Je souffre. Psychologiquement, je suis terriblement perturbé ; mais j'ai déjà mon idée sur ce point: que je dois faire, ce qu'il ne faut pas faire, ce qui doit changer. Cette idée, cette formule, ce concept m'empêche de regarder ce qui est comme un fait. Les systèmes d'idées et les formules sont un moyen d'éluder ce qui est. En cas de grand danger, l'action est immédiate. En pareil cas, vous n'avez aucune idée préconçue. Vous ne formulez pas d'abord une idée, pour agir ensuite en fonction de celle-ci.

L'esprit est devenu paresseux, indolent, se fiant à une formule qui lui a donné le moyen d'échapper à toute action dirigée vers ce qui est. Conscients de tout le phénomène qui nous a été décrit – et que nous admettons non pas parce qu'on nous en a souligné l'évidence, mais pour l'avoir constatée nous-mêmes – pouvons-nous affronter le fait, par exemple, que nous sommes violents? Nous, les êtres humains, nous sommes violents, et nous avons fait sciemment de la violence, de la guerre et ainsi de suite, notre mode de vie. Bien que nous ne cessions de parler de la non-violence – surtout en Orient – nous ne sommes pas non violents ; bien au contraire, nous sommes des êtres violents. La notion de non-violence n'est qu'une idée – qui peut être exploitée à des fins politiques. Et elle prend alors un tout autre sens ; mais la non-violence est une abstraction et non une réalité. L'être humain étant incapable d'affronter la réalité de la violence, il a inventé cet idéal de non-violence, ce qui lui évite de s'attaquer au fait réel.
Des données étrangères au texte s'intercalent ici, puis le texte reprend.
(* Index the coordinates of $\mathbb{R}^9$ by $1,\dots,9$. Let $\mathcal{S}$ be the following family of $18$ four-element subsets of $\{1,\dots,9\}$: $\{1,2,4,5\}$, $\{1,2,6,9\}$, $\{1,2,7,8\}$, $\{1,3,4,6\}$, $\{1,3,5,8\}$, $\{1,3,7,9\}$, $\{1,4,8,9\}$, $\{1,5,6,7\}$, $\{2,3,4,7\}$, $\{2,3,5,6\}$, $\{2,3,8,9\}$, $\{2,4,6,8\}$, $\{2,5,7,9\}$, $\{3,4,5,9\}$, $\{3,6,7,8\}$, $\{4,5,7,8\}$, $\{4,6,7,9\}$, $\{5,6,8,9\}$. Let $C\subset\mathbb{R}^9$ consist of the $18$ vectors $\pm 2e_j$ ($j=1,\dots,9$, $e_j$ the standard basis vectors) together with the $288$ vectors having entries $\pm1$ (arbitrary signs) on the coordinates of some $S\in\mathcal{S}$ and $0$ elsewhere; so $|C|=306$. Let $\sigma:\mathbb{R}^9\to\mathbb{R}^9$ be the coordinate permutation swapping coordinates $2$ and $3$ and swapping coordinates $4$ and $7$ (fixing the others). Let $C'=\bigl(C\setminus\{x\in C: x_1=1\}\bigr)\cup\{\sigma(x): x\in C,\ x_1=1\}$. Then $C$ and $C'$ are both kissing configurations of $306$ points in $\mathbb{R}^9$, and they are not isometric. In particular, there are at least two non-isometric kissing configurations of $306$ points in nine dimensions.
   Context: A kissing configuration in $\mathbb{R}^n$ is a finite set of vectors all of the same norm $r>0$ such that any two distinct vectors have inner product at most $r^2/2$ (angle at least $\pi/3$); here all vectors have squared norm $4$, so distinct vectors must have inner product at most $2$. Two configurations are isometric if some orthogonal transformation of $\mathbb{R}^n$ maps one onto the other. *)

(* Vectors of R^n are row vectors 'rV[R]_n over an arbitrary
   R : realType (the real numbers).  Coordinates 1..9 of the paper are the
   ordinals 0..8 here. *)
From HB Require Import structures.
From mathcomp Require Import all_boot all_order all_algebra.
From mathcomp Require Import reals.
Set Implicit Arguments. Unset Strict Implicit. Unset Printing Implicit Defensive.
Import Order.TTheory GRing.Theory Num.Theory.
Local Open Scope ring_scope.

Section Kissing.
Variable R : realType.

Definition dotv n (u v : 'rV[R]_n) : R := \sum_(i < n) u 0 i * v 0 i.

Definition kissing_config n (X : seq 'rV[R]_n) : Prop :=
  exists r : R, 0 < r /\
    (forall x, x \in X -> dotv x x = r ^+ 2) /\
    (forall x y, x \in X -> y \in X -> x != y -> dotv x y <= r ^+ 2 / 2).

Definition npoints n (X : seq 'rV[R]_n) : nat := size (undup X).

Definition orthogonal_mx n (Q : 'M[R]_n) : Prop := Q *m Q^T = 1%:M.

Definition isometric n (X Y : seq 'rV[R]_n) : Prop :=
  exists Q : 'M[R]_n, orthogonal_mx Q /\ [seq x *m Q | x <- X] =i Y.

Definition ev (j : 'I_9) : 'rV[R]_9 := delta_mx 0 j.

(* the family S, coordinates shifted by one (paper's k is ordinal k-1) *)
Definition fam_nat : seq (seq nat) :=
  [:: [:: 1;2;4;5]; [:: 1;2;6;9]; [:: 1;2;7;8]; [:: 1;3;4;6]; [:: 1;3;5;8];
      [:: 1;3;7;9]; [:: 1;4;8;9]; [:: 1;5;6;7]; [:: 2;3;4;7]; [:: 2;3;5;6];
      [:: 2;3;8;9]; [:: 2;4;6;8]; [:: 2;5;7;9]; [:: 3;4;5;9]; [:: 3;6;7;8];
      [:: 4;5;7;8]; [:: 4;6;7;9]; [:: 5;6;8;9] ].

Definition fam : seq (seq 'I_9) :=
  [seq [seq (inord k.-1 : 'I_9) | k <- T] | T <- fam_nat].

Definition signvec (T : seq 'I_9) (s : {ffun 'I_4 -> bool}) : 'rV[R]_9 :=
  \sum_(k < 4) (if s k then 1 else -1) *: ev (nth ord0 T k).

Definition Cconf : seq 'rV[R]_9 :=
  [seq 2 *: ev j | j <- enum 'I_9] ++ [seq (-2) *: ev j | j <- enum 'I_9] ++
  [seq signvec T s | T <- fam, s <- enum {ffun 'I_4 -> bool}].

(* sigma swaps coordinates 2<->3 and 4<->7 (ordinals 1<->2, 3<->6) *)
Definition sig_idx (i : 'I_9) : 'I_9 :=
  inord (match val i with 1 => 2 | 2 => 1 | 3 => 6 | 6 => 3 | k => k end)%N.

Definition sigma (x : 'rV[R]_9) : 'rV[R]_9 := \row_i x 0 (sig_idx i).

Definition Cconf' : seq 'rV[R]_9 :=
  [seq x : 'rV[R]_9 <- Cconf | x 0 ord0 != 1] ++
  [seq sigma x | x : 'rV[R]_9 <- Cconf & x 0 ord0 == 1].

End Kissing.

From HB Require Import structures.
From mathcomp Require Import all_boot all_order all_algebra.
From mathcomp Require Import reals lra.
Set Implicit Arguments. Unset Strict Implicit. Unset Printing Implicit Defensive.
Import Order.TTheory GRing.Theory Num.Theory.
Local Open Scope ring_scope.

(* All vectors of C and C' have integer coordinates, so the kissing property and
   the number of points of both configurations are finite integer computations,
   done here by evaluation on integer lists and transported to R^9 along the
   embedding [zrow].  Orthogonal maps preserve inner products.  Two blocks of
   the family share at most two coordinates, so -3 is not an inner product of
   two vectors of C; in C' the image under sigma of a block through coordinate 1
   shares three coordinates with another block through coordinate 1, and the
   corresponding vectors with first entries 1 and -1 have inner product -3. *)

(* [\sum] is locked and does not evaluate; [zsum] is a computable replacement. *)
Definition zsum n (f : nat -> int) : int := foldr (fun i a => f i + a) 0 (iota 0 n).

Lemma zsumE n f : zsum n f = \sum_(i < n) f i.
Proof. by rewrite /zsum -(big_mkord xpredT) /index_iota subn0 -foldr_map foldrE big_map. Qed.

Definition zdot n (u v : seq int) : int := zsum n (fun i => u`_i * v`_i).

Definition zdot_values n (A : seq (seq int)) : seq int := [seq zdot n u v | u <- A, v <- A].

Definition zkissing n (c : int) (A : seq (seq int)) : bool :=
  all (fun u => zdot n u u == c ^+ 2) A &&
  all (fun u => all (fun v => (u == v) || (zdot n u v *+ 2 <= c ^+ 2)) A) A.

Section Isometry.
Variables (R : realType) (n : nat).
Implicit Types (X Y : seq 'rV[R]_n).

Lemma dotv_mulmx (Q : 'M[R]_n) (x y : 'rV[R]_n) :
  orthogonal_mx Q -> dotv (x *m Q) (y *m Q) = dotv x y.
Proof.
have dotvE (a b : 'rV[R]_n) : dotv a b = (a *m b^T) 0 0.
  by rewrite mxE; apply: eq_bigr => i _; rewrite mxE.
by move=> QQt; rewrite !dotvE trmx_mul mulmxA -(mulmxA x) QQt mulmx1.
Qed.

Lemma isometric_dotv X Y (y1 y2 : 'rV[R]_n) : isometric X Y -> y1 \in Y -> y2 \in Y ->
  exists x1 x2, [/\ x1 \in X, x2 \in X & dotv x1 x2 = dotv y1 y2].
Proof.
case=> Q [orthQ XQ]; rewrite -!XQ => /mapP[x1 Xx1 ->] /mapP[x2 Xx2 ->].
by exists x1, x2; rewrite dotv_mulmx.
Qed.

End Isometry.

Section IntegerRows.
Variables (R : realType) (n : nat).
Implicit Types (X Y : seq 'rV[R]_n) (A B : seq (seq int)) (u v : seq int).

Definition zrow (v : seq int) : 'rV[R]_n := \row_(i < n) (v`_i)%:~R.

Lemma zrow_inj u v : size u = n -> size v = n -> zrow u = zrow v -> u = v.
Proof.
move=> su sv /rowP E; apply: (@eq_from_nth _ 0) => [|i]; first by rewrite su sv.
by rewrite su => lt_i_n; have /eqP := E (Ordinal lt_i_n); rewrite !mxE eqr_int => /eqP.
Qed.

Lemma dotv_zrow u v : dotv (zrow u) (zrow v) = (zdot n u v)%:~R.
Proof.
by rewrite /zdot zsumE rmorph_sum; apply: eq_bigr => i _; rewrite !mxE rmorphM.
Qed.

Lemma kissing_config_zrow (c : int) X A :
  X =i map zrow A -> zkissing n c A -> 0 < c -> kissing_config X.
Proof.
move=> XA /andP[/allP norms /allP dots] c_gt0; exists c%:~R; split; first by rewrite ltr0z.
split=> [x | x y]; rewrite ?XA.
  by case/mapP=> u /norms/eqP uu ->; rewrite dotv_zrow uu rmorphXn.
case/mapP=> u Au -> /mapP[v Av ->] neq_uv; rewrite dotv_zrow.
have /orP[/eqP eq_uv | le_uv] := allP (dots u Au) v Av; first by rewrite eq_uv eqxx in neq_uv.
rewrite -(ler_int R) rmorphMn rmorphXn in le_uv; lra.
Qed.

Lemma npoints_zrow X A : X =i map zrow A ->
  all (fun v => size v == n) A -> uniq A -> npoints X = size A.
Proof.
move=> XA /allP sizeA uniqA.
have uniq_rows : uniq (map zrow A).
  by rewrite map_inj_in_uniq // => u v /sizeA/eqP su /sizeA/eqP sv; apply: zrow_inj.
rewrite /npoints (perm_size (uniq_perm (undup_uniq X) uniq_rows _)) ?size_map //.
by move=> x; rewrite mem_undup XA.
Qed.

Lemma not_isometric_zrow X Y A B (a : int) :
  X =i map zrow A -> Y =i map zrow B ->
  a \in zdot_values n B -> a \notin zdot_values n A -> ~ isometric X Y.
Proof.
move=> XA YB /allpairsP[[u v] [Bu Bv ->]] /= notA isoXY.
have [x1 [x2 [Xx1 Xx2 dot12]]] : exists x1 x2,
    [/\ x1 \in X, x2 \in X & dotv x1 x2 = dotv (zrow u) (zrow v)].
  by apply: (isometric_dotv isoXY); rewrite YB map_f.
move: Xx1 Xx2 dot12; rewrite !XA => /mapP[u' Au' ->] /mapP[v' Av' ->].
rewrite !dotv_zrow => /eqP; rewrite eqr_int => /eqP eq_dot.
by move: notA; rewrite -eq_dot allpairs_f.
Qed.

End IntegerRows.

Definition signz (b : bool) : int := if b then 1 else -1.

Fixpoint bool_seqs k : seq (seq bool) :=
  if k is k'.+1 then map (cons true) (bool_seqs k') ++ map (cons false) (bool_seqs k')
  else [:: [::]].

Lemma mem_bool_seqs k (s : seq bool) : (s \in bool_seqs k) = (size s == k).
Proof.
elim: k s => [|k IHk] [|b s] //=; rewrite mem_cat.
- by apply/norP; split; apply/mapP=> -[].
- rewrite eqSS -IHk; apply/orP/idP => [[] /mapP[t t_k [_ ->]] // | s_k].
  by case: b; [left | right]; apply: map_f.
Qed.

Lemma mem_fgraphs (aT rT : finType) (s : seq rT) :
  (s \in [seq val (fgraph f) | f <- enum {ffun aT -> rT}]) = (size s == #|aT|).
Proof.
apply/mapP/idP => [[f _ ->] | size_s]; first by rewrite size_tuple.
by exists (Finfun (Tuple size_s)); rewrite ?mem_enum ?FinfunK.
Qed.

(* The integer mirrors of [Cconf] and [Cconf'] index coordinates by nat, because
   [inord] and the enumeration of [{ffun 'I_4 -> bool}] do not evaluate. *)
Definition zaxis (c : int) (j : nat) : seq int := mkseq (fun i => c *+ (i == j)) 9.

Definition zsignvec (T : seq nat) (b : seq bool) : seq int :=
  mkseq (fun i => zsum (size b) (fun k => signz (nth false b k) *+ (nth 0%N T k == i))) 9.

Definition fam_idx : seq (seq nat) := [seq [seq k.-1 | k <- T] | T <- fam_nat].

Definition Cint : seq (seq int) :=
  [seq zaxis 2 j | j <- iota 0 9] ++ [seq zaxis (-2) j | j <- iota 0 9] ++
  [seq zsignvec T b | T <- fam_idx, b <- bool_seqs 4].

Definition sig_nat (i : nat) : nat :=
  match i with 1 => 2 | 2 => 1 | 3 => 6 | 6 => 3 | k => k end%N.

Definition zsigma (v : seq int) : seq int := mkseq (fun i => v`_(sig_nat i)) 9.

Definition C'int : seq (seq int) :=
  [seq v <- Cint | v`_0 != 1] ++ [seq zsigma v | v <- Cint & v`_0 == 1].

Lemma nth_map_val n (T : seq 'I_n.+1) k : nth 0%N (map val T) k = nth ord0 T k.
Proof. by elim: T k => [|t T IHT] [|k] //=. Qed.

Lemma fam_idxE : map (map val) fam = fam_idx.
Proof.
rewrite -map_comp; apply/eq_in_map => T fam_T /=; rewrite -map_comp.
apply/eq_in_map => k T_k /=; rewrite inordK //.
have : all (all (fun k => k.-1 < 9)%N) fam_nat by [].
by move/allP/(_ _ fam_T)/allP/(_ _ T_k).
Qed.

Lemma sig_idxE i : sig_idx i = sig_nat i :> nat.
Proof. by case: i => [[|[|[|[|[|[|[|[|[|k]]]]]]]]] lt_k9] //; rewrite /sig_idx inordK. Qed.

Section IntegerModel.
Variable R : realType.

Lemma axis_zrow (c : int) (j : 'I_9) : c%:~R *: ev R j = zrow R 9 (zaxis c j).
Proof. by apply/rowP => i; rewrite !mxE nth_mkseq //= mulr_natr rmorphMn. Qed.

Lemma signvec_zrow T (s : {ffun 'I_4 -> bool}) :
  signvec R T s = zrow R 9 (zsignvec (map val T) (fgraph s)).
Proof.
have size_s : size (fgraph s) = 4%N by rewrite size_tuple card_ord.
apply/rowP => i; rewrite /signvec summxE !mxE nth_mkseq // size_s zsumE rmorph_sum.
apply: eq_bigr => k _; rewrite !mxE nth_fgraph_ord nth_map_val rmorphMn /= eq_sym mulr_natr.
by case: (s k).
Qed.

Lemma sigma_zrow v : sigma (zrow R 9 v) = zrow R 9 (zsigma v).
Proof. by apply/rowP => i; rewrite !mxE nth_mkseq // sig_idxE. Qed.

Lemma Cconf_zrow : Cconf R =i map (zrow R 9) Cint.
Proof.
have axes (c : int) :
    [seq c%:~R *: ev R j | j <- enum 'I_9] = map (zrow R 9) [seq zaxis c j | j <- iota 0 9].
  by rewrite -val_enum_ord -!map_comp; apply: eq_map => j; apply: axis_zrow.
have graphs : [seq val (fgraph s) | s <- enum {ffun 'I_4 -> bool}] =i bool_seqs 4.
  by move=> b; rewrite (mem_fgraphs 'I_4 b) card_ord mem_bool_seqs.
rewrite /Cconf -[2 : R]/(2%:~R) -[-2 : R]/((-2)%:~R) (axes 2) (axes (-2)).
(* Unification must never try to evaluate the enumeration of [{ffun 'I_4 -> bool}]
   (it is extremely slow), hence its abstraction and [eq_catr] instead of
   rewriting with [mem_cat] under the concrete lists. *)
move: (enum {ffun 'I_4 -> bool}) graphs => F graphs.
have -> : [seq signvec R T s | T <- fam, s <- F] =
    map (zrow R 9) [seq zsignvec T b | T <- map (map val) fam, b <- [seq val (fgraph s) | s <- F]].
  rewrite [RHS]map_allpairs [RHS]allpairs_mapl [RHS]allpairs_mapr.
  by apply: eq_allpairs => T s; apply: signvec_zrow.
have eq_catr (A B B' : seq (seq int)) : B =i B' -> A ++ B =i A ++ B'.
  by move=> BB' v; rewrite !mem_cat BB'.
rewrite fam_idxE /Cint -!map_cat; apply/eq_mem_map/eq_catr/eq_catr.
exact: mem_allpairs.
Qed.

Lemma Cconf'_zrow : Cconf' R =i map (zrow R 9) C'int.
Proof.
have first_coord v : ((zrow R 9 v) 0 ord0 == 1) = (v`_0 == 1) by rewrite mxE -(eqr_int R).
rewrite /Cconf' /C'int; move: (Cconf R) Cconf_zrow => X XC.
have keep P : filter P X =i map (zrow R 9) (filter (preim (zrow R 9) P) Cint).
  by move=> x; rewrite -filter_map !mem_filter XC.
have drop1 : [seq v <- Cint | preim (zrow R 9) (fun x => x 0 ord0 != 1) v] =
             [seq v <- Cint | v`_0 != 1].
  by apply: eq_filter => v /=; rewrite first_coord.
have take1 : [seq v <- Cint | preim (zrow R 9) (fun x => x 0 ord0 == 1) v] =
             [seq v <- Cint | v`_0 == 1].
  by apply: eq_filter => v /=; rewrite first_coord.
move=> x; rewrite !map_cat !mem_cat keep (eq_mem_map _ (keep _)) -!map_comp.
by rewrite drop1 take1 (eq_map sigma_zrow).
Qed.

End IntegerModel.

Lemma Cint_checks :
  [/\ zkissing 9 2 Cint, all (fun v => size v == 9%N) Cint, uniq Cint & size Cint = 306%N].
Proof. by split; vm_compute. Qed.

Lemma C'int_checks :
  [/\ zkissing 9 2 C'int, all (fun v => size v == 9%N) C'int, uniq C'int & size C'int = 306%N].
Proof. by split; vm_compute. Qed.

Lemma dot_value_minus3 : -3 \notin zdot_values 9 Cint /\ -3 \in zdot_values 9 C'int.
Proof. by split; vm_compute. Qed.

Theorem mainTheorem3 (R : realType) :
  [/\ kissing_config (Cconf R), kissing_config (Cconf' R),
      npoints (Cconf R) = 306%N, npoints (Cconf' R) = 306%N
    & ~ isometric (Cconf R) (Cconf' R)].
Proof.
have [kissC rowsC uniqC sizeC] := Cint_checks.
have [kissC' rowsC' uniqC' sizeC'] := C'int_checks.
have [notC inC'] := dot_value_minus3.
split.
- by apply: (kissing_config_zrow (@Cconf_zrow R) kissC).
- by apply: (kissing_config_zrow (@Cconf'_zrow R) kissC').
- by rewrite (npoints_zrow (@Cconf_zrow R)).
- by rewrite (npoints_zrow (@Cconf'_zrow R)).
- exact: not_isometric_zrow (@Cconf_zrow R) (@Cconf'_zrow R) inC' notC.
Qed.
Mais en définitive, la réalité, c'est celle de ma violence, de ma colère. Qu'avons-nous à faire d'une idée? Ce qui compte, ce n'est pas l'idée de la colère, c'est la réalité de la colère. Il en va de même pour la réalité de la faim. Lorsqu'on a faim, il ne s'agit pas d'une idée. L'idée qui surgit à ce moment-là concerne ce qu'il faut manger, et ensuite, conformément aux exigences du plaisir, on mange. La seule façon d'agir par rapport à ce qui est, c'est de ne pas avoir la moindre idée d'avance sur la façon dont il convient d'aborder ce à quoi on se trouve confronté – c'est-à-dire ce qui est.